Кузьма обвел хмурым взглядом гостей, сердито глянул на жену и наспех чмокнул ее.
— Сколько раз просил — не учи! — гневно бросил он.
Заметила Катенька, что глаза тети Марьи как будто просветлели. Катенька вскинула голову и с любовью посмотрела на тетю Марью. Та чуть заметно кивнула головой, — а может, это Кате показалось. А рядом за спиной Вера на ухо шепчет — да такое, от чего совсем дух захватило: «На крыльце Иван ждет, пойдешь иль нет?» Катенька с тревогой посмотрела на отца.
«Иди, — кивнула ей сестра. — Иди уж. Давно ждет — обидится».
Гости пели да плясали, а Катенька тем временем вышла со стопкой посуды на кухню.
Хоть и пьян Кузьма, да про младшую дочь не забывал: нет-нет да и скосит взгляд в ее сторону. А тут — посмотрел, а дочки — след простыл. Позвал Веру.
— Где Катенька?
— Да я послала ее с посудой грязной.
Вроде успокоился Кузьма, подкрутил рыжие, торчащие усы.
— Ты за ней поглядывай, дочка, я ее, хитрущую, знаю.
К Кузьме пробрался пасечник, одноногий Мокей Зябликов.
Он не один раз пытался что-то сказать, но никак ему это не удавалось: то жинка мешала, то другие опережали, то песня затягивалась.
— Вот ты, Кузьма, — Мокей, придерживаясь за стул, горделиво поднял голову, — сколь лет-то был первейшим… И тракторист-то ты, и механик, и полевод даже, и кузнец, каких поискать, и бог тебя знает, что ты такое… А теперь ты кто?

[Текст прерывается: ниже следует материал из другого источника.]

(* Let $\mathcal{C}_0\subseteq\mathrm{GF}(q^m)^r$ be a linear code with rank weight enumerator $W^{\mathrm{R}}_{\mathcal{C}_0}(x,y)$, and for $s\ge0$ let $\mathcal{C}_s$ be its $s$-th order $\mathbf{B}$-elementary extension, with rank weight enumerator $W^{\mathrm{R}}_{\mathcal{C}_s}(x,y)$. Then $W^{\mathrm{R}}_{\mathcal{C}_s}(x,y)$ does not depend on $\mathbf{B}$ and $$W^{\mathrm{R}}_{\mathcal{C}_s}(x,y)=W^{\mathrm{R}}_{\mathcal{C}_0}(x,y)*\big[x+(q^m-1)y\big]^{[s]}.$$
   Context: $q$ is a prime power. For $\mathbf{x}\in\mathrm{GF}(q^m)^N$, $\mathrm{rk}(\mathbf{x})$ is the dimension over $\mathrm{GF}(q)$ of the $\mathrm{GF}(q)$-span of its coordinates; the rank weight enumerator of $\mathcal{C}\subseteq\mathrm{GF}(q^m)^N$ is $\sum_{\mathbf{c}\in\mathcal{C}}y^{\mathrm{rk}(\mathbf{c})}x^{N-\mathrm{rk}(\mathbf{c})}$. For $s\ge1$ and an $s\times r$ matrix $\mathbf{B}$ over $\mathrm{GF}(q)$, the $s$-th order $\mathbf{B}$-elementary extension of a linear code $\mathcal{C}_0\subseteq\mathrm{GF}(q^m)^r$ is $\mathcal{C}_s=\{(c_0,\dots,c_{r+s-1})\in\mathrm{GF}(q^m)^{r+s}:(c_0,\dots,c_{r-1})-(c_r,\dots,c_{r+s-1})\mathbf{B}\in\mathcal{C}_0\}$; the $0$-th order extension is $\mathcal{C}_0$ itself. $q$-product: for homogeneous polynomials $a(x,y;m)=\sum_{i=0}^{d}a_i(m)y^ix^{d-i}$ and $b(x,y;m)=\sum_{j=0}^{e}b_j(m)y^jx^{e-j}$ of degrees $d,e$, with coefficients real functions of $m$ (zero outside the given ranges), $a*b=\sum_{u=0}^{d+e}c_u(m)y^ux^{d+e-u}$ with $c_u(m)=\sum_{i=0}^uq^{ie}a_i(m)b_{u-i}(m-i)$. $q$-powers: $a^{[0]}=1$, $a^{[l]}=a^{[l-1]}*a$. Here $x+(q^m-1)y$ has coefficients $1$ and $q^m-1$; the coefficients of $W^{\mathrm{R}}_{\mathcal{C}_0}$ are regarded as constants in $m$. *)

From HB Require Import structures.
From mathcomp Require Import all_boot all_order all_algebra all_field.
Set Implicit Arguments. Unset Strict Implicit. Unset Printing Implicit Defensive.
Import Order.TTheory GRing.Theory Num.Theory.
Local Open Scope ring_scope.

(* Setting: F = GF(q) a finite field, L a finite-dimensional field extension
   of F; K := finvect_type L is the same field GF(q^m) equipped with a finType
   structure (so that codewords can be counted). q = #|F|, m = \dim_F K. *)

Definition rk (F : finFieldType) (L : fieldExtType F) (N : nat)
    (x : 'rV[finvect_type L]_N) : nat :=
  let coords : seq (finvect_type L) := [seq x ord0 i | i <- enum 'I_N] in
  \dim (<<coords>>%VS : {vspace finvect_type L}).

Definition rkcount (F : finFieldType) (L : fieldExtType F) (N : nat)
    (C : {set 'rV[finvect_type L]_N}) (u : nat) : nat :=
  #|[set c in C | rk c == u]|.

Definition code_set (F : finFieldType) (L : fieldExtType F) (r : nat)
    (C0 : {vspace 'rV[finvect_type L]_r}) : {set 'rV[finvect_type L]_r} :=
  [set c | c \in C0].

Definition elem_ext (F : finFieldType) (L : fieldExtType F) (r s : nat)
    (C0 : {vspace 'rV[finvect_type L]_r}) (B : 'M[F]_(s, r))
    : {set 'rV[finvect_type L]_(r + s)} :=
  [set c | (lsubmx c - rsubmx c *m map_mx (in_alg (finvect_type L)) B) \in C0].

(* Homogeneous polynomials sum_{i<=d} a_i(m) y^i x^(d-i) whose coefficients
   are functions of m (m ranging over integers, values rational):
   a pair (degree d, coefficient function). *)
Definition hpoly := (nat * (nat -> int -> rat))%type.

Definition hcoef (a : hpoly) (i : nat) (m : int) : rat :=
  if (i <= a.1)%N then a.2 i m else 0.

Definition qprod (q : nat) (a b : hpoly) : hpoly :=
  ((a.1 + b.1)%N, fun u m =>
     \sum_(i < u.+1) (q%:R ^+ (i * b.1)) * hcoef a i m * hcoef b (u - i) (m - i%:Z)).

Definition qpow (q : nat) (a : hpoly) (l : nat) : hpoly :=
  iter l (fun p => qprod q p a) (0%N, fun i _ => if i == 0%N then 1 else 0).

Definition lin_hpoly (q : nat) : hpoly :=
  (1%N, fun i m => if i == 0%N then 1 else (q%:R : rat) ^ m - 1).

Definition rwe (F : finFieldType) (L : fieldExtType F) (N : nat)
    (C : {set 'rV[finvect_type L]_N}) : hpoly :=
  (N, fun i _ => (rkcount C i)%:R).

From HB Require Import structures.
From mathcomp Require Import all_boot all_order all_algebra all_field.
From mathcomp Require Import ring.
Import Order.TTheory GRing.Theory Num.Theory.
Set Implicit Arguments. Unset Strict Implicit. Unset Printing Implicit Defensive.
Local Open Scope ring_scope.

(* Write K = GF(q^m).  The map (c, a) |-> (c + a B, a) is a bijection from
   C_0 x K^s onto C_s, and since B has entries in GF(q) the entries of a B lie
   in the GF(q)-span of those of a, so the rank of the image is
   dim (span c + span a), whatever B is.  It remains to count the a in K^s
   that raise a space V of dimension d to dimension d + j.  Adjoining one more
   coordinate x keeps the dimension for the q^dim choices of x inside the
   current space and raises it by one for the q^m - q^dim others; this is the
   recursion of the coefficients of [x + (q^m - 1) y]^[s] (with m shifted by d),
   so the count is q^(d s) times the coefficient of y^j at m - d.  Summing over
   the codewords c grouped by rank gives the q-product coefficient. *)

Lemma natr_card_set (R : nzRingType) (T : finType) (P : pred T) :
  (#|[set x | P x]|%:R : R) = \sum_x (P x)%:R.
Proof.
rewrite -sum1_card natr_sum big_mkcond; apply: eq_bigr => x _.
by rewrite inE; case: (P x).
Qed.

Lemma sum_by_fibres (R : nzRingType) (T : finType) (P : pred T)
    (k : T -> nat) (H : nat -> R) (n : nat) :
  (forall i, (n <= i)%N -> H i = 0) ->
  \sum_(x | P x) H (k x) = \sum_(i < n) #|[set x | P x & k x == i]|%:R * H i.
Proof.
move=> H_vanish.
under [RHS]eq_bigr => i _.
  rewrite -sum1_card natr_sum mulr_suml.
  rewrite (eq_big (fun x => P x && (k x == i)) (fun x => H (k x))) => [|x|x].
  - over.
  - by rewrite inE.
  - by rewrite inE => /andP[_ /eqP->]; rewrite mul1r.
rewrite (exchange_big_dep P) => [|i x _ /andP[] //].
apply: eq_bigr => x Px.
have [lt_kn | le_nk] := ltnP (k x) n.
  rewrite (big_pred1 (Ordinal lt_kn)) // => i /=.
  by rewrite Px /= eq_sym -val_eqE.
rewrite H_vanish // big_pred0 // => i.
by rewrite Px gtn_eqF // (leq_trans (ltn_ord i)).
Qed.

Lemma hcoef_gt (a : hpoly) (i : nat) (m : int) : (a.1 < i)%N -> hcoef a i m = 0.
Proof. by rewrite /hcoef ltnNge => /negbTE->. Qed.

(* No bound on [u] is needed: both sides vanish beyond the degree of [qprod q a b]. *)
Lemma hcoef_qprod (q : nat) (a b : hpoly) (u : nat) (m : int) :
  hcoef (qprod q a b) u m =
  \sum_(i < u.+1) q%:R ^+ (i * b.1) * hcoef a i m * hcoef b (u - i) (m - i%:Z).
Proof.
rewrite {1}/hcoef /=; case: leqP => // lt_deg_u.
symmetry; apply: big1 => i _.
have [le_ia | lt_ai] := leqP i a.1; last by rewrite hcoef_gt // mulr0 mul0r.
by rewrite (@hcoef_gt b) ?mulr0 // ltn_subRL (leq_ltn_trans _ lt_deg_u) ?leq_add2r.
Qed.

Lemma hcoef_qprod_lin (q : nat) (a : hpoly) (j : nat) (m : int) :
  hcoef (qprod q a (lin_hpoly q)) j m =
  q%:R ^+ j * hcoef a j m +
  (if j is j'.+1 then q%:R ^+ j' * hcoef a j' m * ((q%:R : rat) ^ (m - j'%:Z) - 1)
   else 0).
Proof.
rewrite hcoef_qprod big_ord_recr /= subnn muln1 mulr1 addrC; congr (_ + _).
case: j => [|j]; first by rewrite big_ord0.
rewrite big_ord_recr /= subSnn muln1 big1 ?add0r // => i _.
by rewrite (@hcoef_gt (lin_hpoly q)) ?mulr0 //= ltn_subRL addn1 ltnS.
Qed.

Lemma size_qpow_lin (q s : nat) : (qpow q (lin_hpoly q) s).1 = s.
Proof. by elim: s => // s IHs; rewrite /qpow iterS /= -/(qpow _ _ _) IHs addn1. Qed.

Definition linpow_coef (q s j : nat) (m : int) : rat :=
  hcoef (qpow q (lin_hpoly q) s) j m.

Lemma linpow_coef0 (q j : nat) (m : int) : linpow_coef q 0 j m = (j == 0%N)%:R.
Proof. by case: j. Qed.

Lemma linpow_coefS (q s j : nat) (m : int) :
  linpow_coef q s.+1 j m =
  q%:R ^+ j * linpow_coef q s j m +
  (if j is j'.+1 then q%:R ^+ j' * linpow_coef q s j' m * ((q%:R : rat) ^ (m - j'%:Z) - 1)
   else 0).
Proof. by rewrite /linpow_coef /qpow iterS -/(qpow _ _ _) hcoef_qprod_lin. Qed.

Section EntrySpan.

Variables (F : finFieldType) (L : fieldExtType F).
Local Notation K := (finvect_type L).

Definition entry_span (N : nat) (x : 'rV[K]_N) : {vspace K} :=
  <<[seq x ord0 i | i <- enum 'I_N]>>%VS.

Lemma rk_entry_span (N : nat) (x : 'rV[K]_N) : rk x = \dim (entry_span x).
Proof. by []. Qed.

Lemma memv_entry_span (N : nat) (x : 'rV[K]_N) (j : 'I_N) : x ord0 j \in entry_span x.
Proof. by apply: memv_span; apply: map_f; rewrite mem_enum. Qed.

Lemma entry_span_subv (N : nat) (x : 'rV[K]_N) (U : {vspace K}) :
  (forall j, x ord0 j \in U) -> (entry_span x <= U)%VS.
Proof. by move=> xU; apply/span_subvP => _ /mapP[j _ ->]. Qed.

Lemma rk_leq (N : nat) (x : 'rV[K]_N) : (rk x <= N)%N.
Proof. by rewrite rk_entry_span (leq_trans (dim_span _)) // size_map size_enum_ord. Qed.

Lemma entry_span_row_mx (n1 n2 : nat) (x : 'rV[K]_n1) (y : 'rV[K]_n2) :
  entry_span (row_mx x y) = (entry_span x + entry_span y)%VS.
Proof.
apply/eqP; rewrite eqEsubv subv_add; apply/and3P; split.
- apply: entry_span_subv => j; rewrite -(splitK j); case: (split j) => k /=.
    by rewrite row_mxEl (subvP (addvSl _ _)) ?memv_entry_span.
  by rewrite row_mxEr (subvP (addvSr _ _)) ?memv_entry_span.
- by apply: entry_span_subv => j; rewrite -(row_mxEl x y) memv_entry_span.
- by apply: entry_span_subv => j; rewrite -(row_mxEr x y) memv_entry_span.
Qed.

Ну-ка скажи, кто ты есть?
— Пенсионер, — густо краснея, словно признавался в нехорошем, ответил Кузьма.
— Во-о! — торжествуя, протянул Мокей. — Пен-си-о-нер! А почему, дозвольте спросить: года подошли, старость одолела?
— Старость ни при чем, — обиженно пожал плечами Кузьма.

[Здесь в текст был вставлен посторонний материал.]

(* Let w_k be the exponent of the k-th generator of
   L = L(a_0, ..., a_{n-1}).  A monomial x^u lies in L exactly when
   (u_0, ..., u_{n-1}) is lexicographically at least (a_{n-1}, ..., a_0): the
   first coordinate where u leaves this sequence names a generator dividing x^u.
   So in each degree the monomials of L form an initial segment for the lex
   order, and membership ignores the exponent of x_n.
   Counting the degree-D monomials outside L by the first coordinate where they
   drop below the bound gives sums of binomial coefficients which, for
   a_j = e_j - e_{j+1}, telescope to P(D) once D >= e_0.  Hence L has Hilbert
   polynomial P; for any I with Hilbert polynomial P the ideal L^{H_I} agrees
   with L in large degrees, and since multiplying by powers of x_n preserves
   membership in L, its saturation is L itself.
   Finally w_k' <= w_k componentwise forces k' = n-1 and a_j = 0 for
   j < n-1-k, which singles out the minimal generators of (ii). *)

(** * Binomial sums and compositions *)

Lemma binq0 (x : rat) : binq x 0 = 1.
Proof. by rewrite /binq big_ord0 fact0 divr1. Qed.

Lemma binqS (x : rat) (b : nat) : binq (x + 1) b.+1 = binq x b.+1 + binq x b.
Proof.
rewrite /binq big_ord_recl big_ord_recr /=.
have -> : \prod_(i < b) (x + 1 - (bump 0 i)%:R) = \prod_(i < b) (x - i%:R).
  by apply: eq_bigr => i _; rewrite /bump /= add1n -natr1; ring.
rewrite factS natrM.
have b1_neq0 : (b.+1%:R : rat) != 0 by rewrite pnatr_eq0.
have fact_neq0 : ((b`!)%:R : rat) != 0 by rewrite pnatr_eq0 -lt0n fact_gt0.
by rewrite -natr1; field; rewrite natr1 b1_neq0 fact_neq0.
Qed.

Lemma binq_small (k b : nat) : (k < b)%N -> binq k%:R b = 0.
Proof. by move=> kb; rewrite /binq (bigD1 (Ordinal kb)) //= subrr !mul0r. Qed.

Lemma sum_binq_diag (y : rat) (r : nat) :
  \sum_(m < r) binq (y + m%:R) m.+1 = binq (y + r%:R) r - 1.
Proof.
elim: r => [|r IH]; first by rewrite big_ord0 binq0 subrr.
by rewrite big_ord_recr /= IH -natr1 addrA binqS; ring.
Qed.

Lemma sum_binq_shift (y : rat) (r x : nat) :
  \sum_(c < x) binq (y - c%:R + r%:R) r =
  binq (y + r%:R + 1) r.+1 - binq (y + r%:R + 1 - x%:R) r.+1.
Proof.
elim: x => [|x IH]; first by rewrite big_ord0 subr0 subrr.
rewrite big_ord_recr /= IH -natr1.
have -> : y + r%:R + 1 - x%:R = (y - x%:R + r%:R) + 1 by ring.
have -> : y + r%:R + 1 - (x%:R + 1) = y - x%:R + r%:R by ring.
by rewrite [binq (y - x%:R + r%:R + 1) _]binqS; ring.
Qed.

Fixpoint compositions (r D : nat) : seq (seq nat) :=
  if r is r'.+1 then [seq c :: s | c <- iota 0 D.+1, s <- compositions r' (D - c)]
  else if D == 0%N then [:: [::]] else [::].

Arguments compositions : simpl never.

Lemma compositionsS r D :
  compositions r.+1 D = [seq c :: s | c <- iota 0 D.+1, s <- compositions r (D - c)].
Proof. by []. Qed.

Lemma mem_compositions r D s :
  (s \in compositions r D) = (size s == r) && (sumn s == D).
Proof.
elim: r D s => [|r IH] D s; first by case: D => [|D]; case: s.
rewrite compositionsS; apply/allpairsPdep/idP => [[c [t [+ + ->]]]|].
  rewrite mem_iota IH /= eqSS add0n ltnS => cD /andP[-> /eqP ->].
  by rewrite subnKC ?eqxx.
case: s => [|c s] // /andP[size_s /eqP sum_s].
exists c, s; split=> //; first by rewrite mem_iota ltnS -sum_s /= leq_addr.
by rewrite IH -sum_s /= addKn -eqSS size_s eqxx.
Qed.

Lemma uniq_compositions r D : uniq (compositions r D).
Proof.
elim: r D => [|r IH] D; first by case: D.
rewrite compositionsS.
apply: allpairs_uniq_dep => [|c _|[c s] [c' s'] _ _ /= [-> ->]] //; exact: iota_uniq.
Qed.

Lemma count_compositionsS (P : pred (seq nat)) r D :
  count P (compositions r.+1 D) =
  (\sum_(0 <= c < D.+1) count (fun s => P (c :: s)) (compositions r (D - c)))%N.
Proof.
rewrite compositionsS count_flatten -map_comp sumnE big_map /index_iota subn0.
by apply: eq_bigr => c _; rewrite /= count_map.
Qed.

Lemma size_compositionsS r D :
  size (compositions r.+1 D) = (\sum_(c < D.+1) size (compositions r (D - c)))%N.
Proof.
rewrite -count_predT count_compositionsS big_mkord.
by apply: eq_bigr => c _; exact: count_predT.
Qed.

Lemma size_compositions r D :
  ((size (compositions r.+1 D))%:R : rat) = binq (D + r)%:R r.
Proof.
elim: r D => [|r IH] D.
  rewrite size_compositionsS binq0 big_ord_recr /= subnn /= big1 // => c _.
  by case: (D - c)%N (subn_gt0 c D) => [|k]; rewrite ?ltn_ord.
rewrite size_compositionsS natr_sum.
under eq_bigr => c _ do rewrite IH natrD natrB -1?ltnS //.
rewrite sum_binq_shift natrD.
have -> : (D%:R + r%:R + 1 - D.+1%:R : rat) = r%:R by rewrite -natr1; ring.
by rewrite binq_small // subr0 -natr1 addrA.
Qed.

Definition ncomp_below (A : seq nat) (D : nat) : nat :=
  count (fun s => (take (size A) s < A :> seqlexi nat)%O) (compositions (size A).+1 D).

Lemma ncomp_below_cons x A D : (x <= D)%N ->
  ncomp_below (x :: A) D =
  (\sum_(c < x) size (compositions (size A).+1 (D - c)) + ncomp_below A (D - x))%N.
Proof.
move=> xD; rewrite /ncomp_below count_compositionsS /=.
rewrite (@big_cat_nat _ _ _ x) ?leqW //= (@big_ltn _ _ _ x) ?ltnS //=.
rewrite [X in (_ + (_ + X))%N]big1_seq ?addn0; last first.
  move=> c /andP[_]; rewrite mem_index_iota => /andP[xc _]; apply/eqP.
  rewrite -leqn0 leqNgt -has_count; apply/hasPn => s _ /=.
  by rewrite ltxi_cons leEnat leqNgt xc.
rewrite big_mkord; congr (_ + _)%N; last by apply: eq_count => s /=; rewrite ltxi_cons lexx.
apply: eq_bigr => c _; rewrite -[RHS]count_predT; apply: eq_count => s /=.
by rewrite ltxi_cons leEnat (ltnW (ltn_ord c)) leqNgt ltn_ord.
Qed.

Lemma ncomp_below_formula (x : nat -> nat) r D : (\sum_(j < r) x j <= D)%N ->
  ((ncomp_below (rev (mkseq x r)) D)%:R : rat) =
  \sum_(m < r) (binq (D%:R + m%:R) m.+1 -
                binq (D%:R + m%:R - (\sum_(m <= j < r) x j)%N%:R) m.+1).
Proof.
elim: r D => [|r IH] D sum_le.
  rewrite big_ord0 /ncomp_below (eq_count (a2 := pred0)) ?count_pred0 // => s.
  by rewrite /= take0 ltxx.
rewrite big_ord_recr /= in sum_le.
have xr_le : (x r <= D)%N by apply: leq_trans sum_le; exact: leq_addl.
rewrite mkseqS rev_rcons ncomp_below_cons // size_rev size_mkseq natrD.
rewrite IH ?leq_subRL ?[(x r + _)%N]addnC // natr_sum.
under eq_bigr => c _.
  rewrite size_compositions natrD natrB; last exact: leq_trans (ltnW (ltn_ord c)) xr_le.
  over.
rewrite sum_binq_shift natrB // big_ord_recr /= big_nat1 !sumrB !sum_binq_diag.
set S := \sum_(i < r) binq (D%:R - (x r)%:R + i%:R - (\sum_(i <= j < r) x j)%N%:R) i.+1.
have -> : \sum_(i < r) binq (D%:R + i%:R - (\sum_(i <= j < r.+1) x j)%N%:R) i.+1 = S.
  apply: eq_bigr => i _; rewrite big_nat_recr /=; last exact: ltnW.
  by congr (binq _ _); rewrite natrD; ring.
rewrite !binqS.
have -> : D%:R + r%:R - (x r)%:R = D%:R - (x r)%:R + r%:R :> rat by ring.
have -> : D%:R + r%:R + 1 - (x r)%:R = D%:R - (x r)%:R + r%:R + 1 :> rat by ring.
rewrite binqS; ring.
Qed.

Lemma telescope_sumn_nonincr (f : nat -> nat) m n :
  (forall j, (f j.+1 <= f j)%N) -> (m <= n)%N ->
  (\sum_(m <= j < n) (f j - f j.+1) = f m - f n)%N.
Proof.
move=> f_nonincr.
have f_anti : {homo f : i j / (i <= j)%N >-> (j <= i)%N}.
  by apply: homo_leq => // [y x z /[swap]]; exact: leq_trans.
elim: n => [|n IH] mn; first by move: mn; rewrite leqn0 => /eqP ->; rewrite big_geq ?subnn.
case: (ltngtP m n.+1) mn => // [mn _|-> _]; last by rewrite big_geq ?subnn.
rewrite big_nat_recr //= IH //; have := f_anti m n mn; have := f_nonincr n; lia.
Qed.

Lemma adiff_gt d e j : (d < j)%N -> adiff d e j = 0%N.
Proof. by move=> dj; rewrite /adiff /eext leqNgt dj (leqNgt j.+1) ltnW. Qed.

Lemma eext_nonincr d e : (forall i, (i < d)%N -> (e i.+1 <= e i)%N) ->
  forall j, (eext d e j.+1 <= eext d e j)%N.
Proof.
move=> e_nonincr j; rewrite /eext; case: (leqP j.+1 d) => // jd.
by rewrite (ltnW jd) e_nonincr.
Qed.

Lemma ncomp_below_hilbP d e n D :
  (forall i, (i < d)%N -> (e i.+1 <= e i)%N) -> (d < n)%N -> (e 0 <= D)%N ->
  ((ncomp_below (rev (mkseq (adiff d e) n)) D)%:R : rat) = hilbP d e D%:R.
Proof.
move=> e_nonincr dn eD.
have eext_n : eext d e n = 0%N by rewrite /eext leqNgt dn.
have sum_adiff m : (m <= n)%N -> (\sum_(m <= j < n) adiff d e j)%N = eext d e m.
  move=> mn; rewrite telescope_sumn_nonincr //; last exact: eext_nonincr.
  by rewrite eext_n subn0.
rewrite ncomp_below_formula; last by rewrite -(big_mkord xpredT (adiff d e)) sum_adiff.
under eq_bigr => m _ do rewrite sum_adiff 1?ltnW //.
rewrite -(subnKC dn) big_split_ord /= [X in _ + X]big1 ?addr0 => [|i _]; last first.
  by rewrite /eext leqNgt leq_addr subr0 subrr.
by apply: eq_bigr => i _; rewrite /eext -ltnS ltn_ord.
Qed.

(** * Lexicographic order on sequences *)

Section SeqLexi.
Context {disp : Order.disp_t} {T : porderType disp}.
Local Open Scope order_scope.
Implicit Types s t : seqlexi T.

Lemma lexi_take k s t : s <= t -> (take k s <= take k t :> seqlexi T).
Proof.
elim: k s t => [|k IH] [|x s] [|y t] //=; rewrite !lexi_cons.
by case/andP=> -> /implyP st; apply/implyP => /st; exact: IH.
Qed.

Lemma ltxi_take k s t : (take k s < take k t :> seqlexi T) -> s < t.
Proof.
elim: k s t => [|k IH] [|x s] [|y t] //=; rewrite ?ltxx ?ltxis0 ?ltxi0s //.
by rewrite !ltxi_cons => /andP[-> /implyP st]; apply/implyP => /st; exact: IH.
Qed.

Lemma ltxi_nthP x0 s t : size s = size t -> reflect
  (exists k, [/\ (k < size s)%N, forall j, (j < k)%N -> nth x0 s j = nth x0 t j
                 & nth x0 s k < nth x0 t k])
  (s < t).
Proof.
elim: s t => [|x s IH] [|y t] //= => [_|[size_st]].
  by rewrite ltxx; constructor=> -[k []].
rewrite ltxi_cons; apply: (iffP andP) => [[xy /implyP lt_st]|[[|k] [/= k_lt eq_lt lt_k]]].
- case: (boolP (y <= x)) => [yx|yNx].
    have /(IH t size_st) [k [k_lt eq_lt lt_k]] := lt_st yx.
    exists k.+1; split=> // -[|j] /=; last exact: eq_lt.
    by move=> _; apply/le_anti; rewrite xy yx.
  exists 0%N; split=> //=; rewrite lt_def xy andbT.
  by apply: contraNneq yNx => ->.
- by split; [exact: ltW | rewrite lt_geF].
- have /= x_eq_y := eq_lt 0%N isT; rewrite x_eq_y lexx; split=> //.
  apply/implyP => _; apply/(IH t size_st); exists k; split=> //.
  by move=> j jk; exact: (eq_lt j.+1).
Qed.

End SeqLexi.

Lemma sub_count_lt (T : eqType) (a1 a2 : pred T) (s : seq T) (x : T) :
  subpred a1 a2 -> x \in s -> a2 x -> ~~ a1 x -> (count a1 s < count a2 s)%N.
Proof.
move=> a12; elim: s => // y s IH; rewrite inE => /orP[/eqP <-|x_s] a2x a1x /=.
  by rewrite a2x (negbTE a1x) add0n add1n ltnS sub_count.
have a12y : (a1 y <= a2 y)%N by case: (boolP (a1 y)) => // /a12 ->.
by rewrite -addnS leq_add // IH.
Qed.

— Во-о! — снова торжествуя, воскликнул Мокей. — Конечно, ни при чем! Это, скажем, для меня или вот для него, — ткнул он пальцем в сторону конюха Савелия, — его годы скрутили, а ты вон какой! Тебя колом не сразу свалишь! Так вот скажи, любезный, как на духу скажи: почему ты не в колхозе?

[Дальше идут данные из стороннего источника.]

(* Grouping the events by the access of OPT serving them and applying the
   charging lemma to each group. *)
Lemma access_charging :
  \sum_(k < m) 12 * minn (trig_pos LL rr k) (access_len (serve k)) <=
  \sum_(k < m) (3 * trig_pos LL rr k + 8) + 24 * \sum_(u < N) access_len u.
Proof.
have by_serve (F : nat -> nat) :
    \sum_(k < m) F k = \sum_(u < N) \sum_(k < m) (serve k == u) * F k.
  rewrite exchange_big /=; apply: eq_bigr => k _.
  by have [sN _ _ _] := serveP (ltn_ord k); rewrite sum_pick_nat.
rewrite (by_serve (fun k => 12 * minn (trig_pos LL rr k) (access_len (serve k)))).
rewrite (by_serve (fun k => 3 * trig_pos LL rr k + 8)) big_distrr -big_split /=.
apply: leq_sum => u _.
rewrite (eq_bigr (fun k : 'I_m => (serve k == u) * (12 * minn (trig_pos LL rr k) (access_len u))));
  last by move=> k _; case: eqP => [->|].
apply: (@charging (trig_pos LL rr) (fun k => serve k == u) _ m).
by move=> k k' kk' k'm /eqP e /eqP e'; apply: same_serve_doubling => //; rewrite e e'.
Qed.

(* The first m events of ALG cost at most 24 times OPT: 6 per OPT swap for
   the potential, 12 per OPT swap for the pushbacks, 24 per unit of access. *)
Lemma events_cost_le_opt : \sum_(k < m) event_cost LL rr k <= 24 * sched_cost S.
Proof.
have h1 := potential_bound (leqnn m).
have h2 : \sum_(0 <= u < prev_after m) swap_cost u <= \sum_(u < N) swap_cost u.
  have le_N : prev_after m <= N by case: (m) => [|k] //=; apply: after_le.
  rewrite -(big_mkord xpredT swap_cost) (big_cat_nat (leq0n _) le_N) /=; apply: leq_addr.
have h3 : \sum_(k < m) 12 * minn (trig_pos LL rr k) (pos (opt_list (after k)) (elem (rr k))) <=
    \sum_(k < m) 12 * minn (trig_pos LL rr k) (access_len (serve k)) + 12 * \sum_(k < m) pushback k.
  rewrite big_distrr -big_split /=; apply: leq_sum => k _.
  by have := opt_pos_le (ltn_ord k); lia.
have h4 := pushback_total.
have h5 := access_charging.
rewrite big_split /= in h1.
rewrite opt_cost_split [in X in _ <= X]big_split /=.
move: h1 h2 h3 h4 h5.
move: (\sum_(k < m) event_cost LL rr k) (\sum_(i < m) (3 * trig_pos LL rr i + 8))
  (6 * inversions (LL m) (opt_list (prev_after m))) (\sum_(0 <= u < prev_after m) swap_cost u)
  (\sum_(u < N) swap_cost u)
  (\sum_(k < m) 12 * minn (trig_pos LL rr k) (pos (opt_list (after k)) (elem (rr k))))
  (\sum_(k < m) 12 * minn (trig_pos LL rr k) (access_len (serve k)))
  (\sum_(k < m) pushback k) (\sum_(u < N) access_len u).
by move=> a b c d e f g h i; lia.
Qed.

End Analysis.

Theorem theorem1 (R : realFieldType) (n : nat) (L0 : seq 'I_n)
    (sigma : seq (request R n)) (S : sched R) :
  perm_eq L0 (enum 'I_n) ->
  all (fun r => (arr r <= dl r)%R) sigma ->
  feasible L0 sigma S ->
  (alg_cost L0 sigma <= 24 * sched_cost S)%N.
Proof.
move=> full0 _ feasS.
case: sigma feasS => [|r0 s] feasS; first by rewrite /alg_cost /alg_run /sched_cost big_nil.
have [m [LL [rr [trace ->]]]] := @alg_trace_cost _ _ L0 (r0 :: s) r0 full0.
exact: (events_cost_le_opt full0 feasS trace).
Qed.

Вокруг Мокея зашумели. Жена тащила Мокея за пиджак — пьян, честное слово, пьян…
Не унимался Мокей.
— Почему хапуга Остроухов — механик, да еще и главный, а Кузьма наш — мастер, честный человек, на печке дрыхнет? А я скажу — почему… Надо знать нашего Чапая… Чапаю так угодно! Потому что ты не жулик, ты кусаться привык… А тот припачкан, он голос не подымет — вот что я думаю, а? — И Мокей усмехался, — вот от безделья и возишься с этой безделицей, — Мокей показал на гирлянды лампочек в кустах.
— Знаешь что, Мокей, — недовольно прервал его Кузьма, — не гоже валить все в кучу. Я не знаю — хапуга или нет главный механик, но что дело он знает — тут спору нет. И Чапай — не последний работник. Что же из того, что хитрит, должность у него такая, что надо ловчить!
— А колхозников кто надувает? — вскрикнул Мокей. — Вон Тимоха Маркелов, здесь он сидит. Так вот спроси — много он дней ходил за кладовщиком? И отказу нет, и платы нет! А Румянцевой? А Хорька… Про себя я уж молчу. Я и члену парткома Аркаше Шелесту про такое безобразие сказал. Я, брат, как и ты, борюсь, как и ты, за правду стою!
При последних словах Мокей важно надулся и победно всех оглядел.
Поднялся шум. Одних Мокей напугал, у других вызвал ехидные усмешки, третьих заставил вступиться за Чернышева. Даже Тимоха Маркелов не был согласен с Мокеем.
— Хитер-то Чапай, хитер, — говорил он, — но в то же время как бы и честный человек! Не в свой карман ложит.
До поздней ночи в староверовом саду шло шумное гулянье. Немного утихая, когда на простор ночи вырывалась песня — то плавная, даже медлительная, про Стеньку Разина, про ночку темную и любовь неверную, то задорная, хмельная, с прибаутками; под эту песню не жалели подметок.